**Work instructions:**
Could you give the records below again exactly as they stand?

**Extracted information:**
Definition maximal_prefix_code (P : word -> Prop) : Prop :=
  prefix_code P /\
  forall P' : word -> Prop, prefix_code P' -> (forall x, P x -> P' x) ->
    forall x, P' x -> P x.

(* A table: a finite list of pairs (p, phi(p)). *)
Definition table := seq (word * word).

Definition domC (t : table) : seq word := map fst t.
Definition imC (t : table) : seq word := map snd t.

(* bijection between two finite maximal prefix codes *)
Definition valid_table (t : table) : Prop :=
  uniq (domC t) /\ uniq (imC t) /\
  maximal_prefix_code (fun x => x \in domC t) /\
  maximal_prefix_code (fun x => x \in imC t).

Definition scat (p : word) (s : stream) : stream :=
  fun n => if n < size p then nth false p n else s (n - size p).

Definition spref (p : word) (s : stream) : bool :=
  all (fun i => nth false p i == s i) (iota 0 (size p)).

(* The homeomorphism of {0,1}^omega induced by a table: p t |-> phi(p) t *)
Definition tfun (t : table) (s : stream) : stream :=
  let pq := nth ([::], [::]) t (find (fun pq : word * word => spref pq.1 s) t) in
  scat pq.2 (fun n => s (n + size pq.1)).

Definition represents (t : table) (f : stream -> stream) : Prop :=
  valid_table t /\
  forall p q (u : stream), (p, q) \in t -> forall n, f (scat p u) n = scat q u n.

(* t is the table of f with the fewest entries (the maximally extended one) *)
Definition max_table (f : stream -> stream) (t : table) : Prop :=
  represents t f /\ forall t', represents t' f -> size t <= size t'.

Definition pact (f : stream -> stream) (x y : word) : Prop :=
  exists t, max_table f t /\
    exists p q u, (p, q) \in t /\ x = p ++ u /\ y = q ++ u.

Definition maxlen (t : table) : nat :=
  \max_(pq <- t) maxn (size pq.1) (size pq.2).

**Solution to this exercise:**
Definition maximal_prefix_code (P : word -> Prop) : Prop :=
  prefix_code P /\
  forall P' : word -> Prop, prefix_code P' -> (forall x, P x -> P' x) ->
    forall x, P' x -> P x.

(* A table: a finite list of pairs (p, phi(p)). *)
Definition table := seq (word * word).

Definition domC (t : table) : seq word := map fst t.
Definition imC (t : table) : seq word := map snd t.

(* bijection between two finite maximal prefix codes *)
Definition valid_table (t : table) : Prop :=
  uniq (domC t) /\ uniq (imC t) /\
  maximal_prefix_code (fun x => x \in domC t) /\
  maximal_prefix_code (fun x => x \in imC t).

Definition scat (p : word) (s : stream) : stream :=
  fun n => if n < size p then nth false p n else s (n - size p).

Definition spref (p : word) (s : stream) : bool :=
  all (fun i => nth false p i == s i) (iota 0 (size p)).

(* The homeomorphism of {0,1}^omega induced by a table: p t |-> phi(p) t *)
Definition tfun (t : table) (s : stream) : stream :=
  let pq := nth ([::], [::]) t (find (fun pq : word * word => spref pq.1 s) t) in
  scat pq.2 (fun n => s (n + size pq.1)).

Definition represents (t : table) (f : stream -> stream) : Prop :=
  valid_table t /\
  forall p q (u : stream), (p, q) \in t -> forall n, f (scat p u) n = scat q u n.

(* t is the table of f with the fewest entries (the maximally extended one) *)
Definition max_table (f : stream -> stream) (t : table) : Prop :=
  represents t f /\ forall t', represents t' f -> size t <= size t'.

Definition pact (f : stream -> stream) (x y : word) : Prop :=
  exists t, max_table f t /\
    exists p q u, (p, q) \in t /\ x = p ++ u /\ y = q ++ u.

Definition maxlen (t : table) : nat :=
  \max_(pq <- t) maxn (size pq.1) (size pq.2).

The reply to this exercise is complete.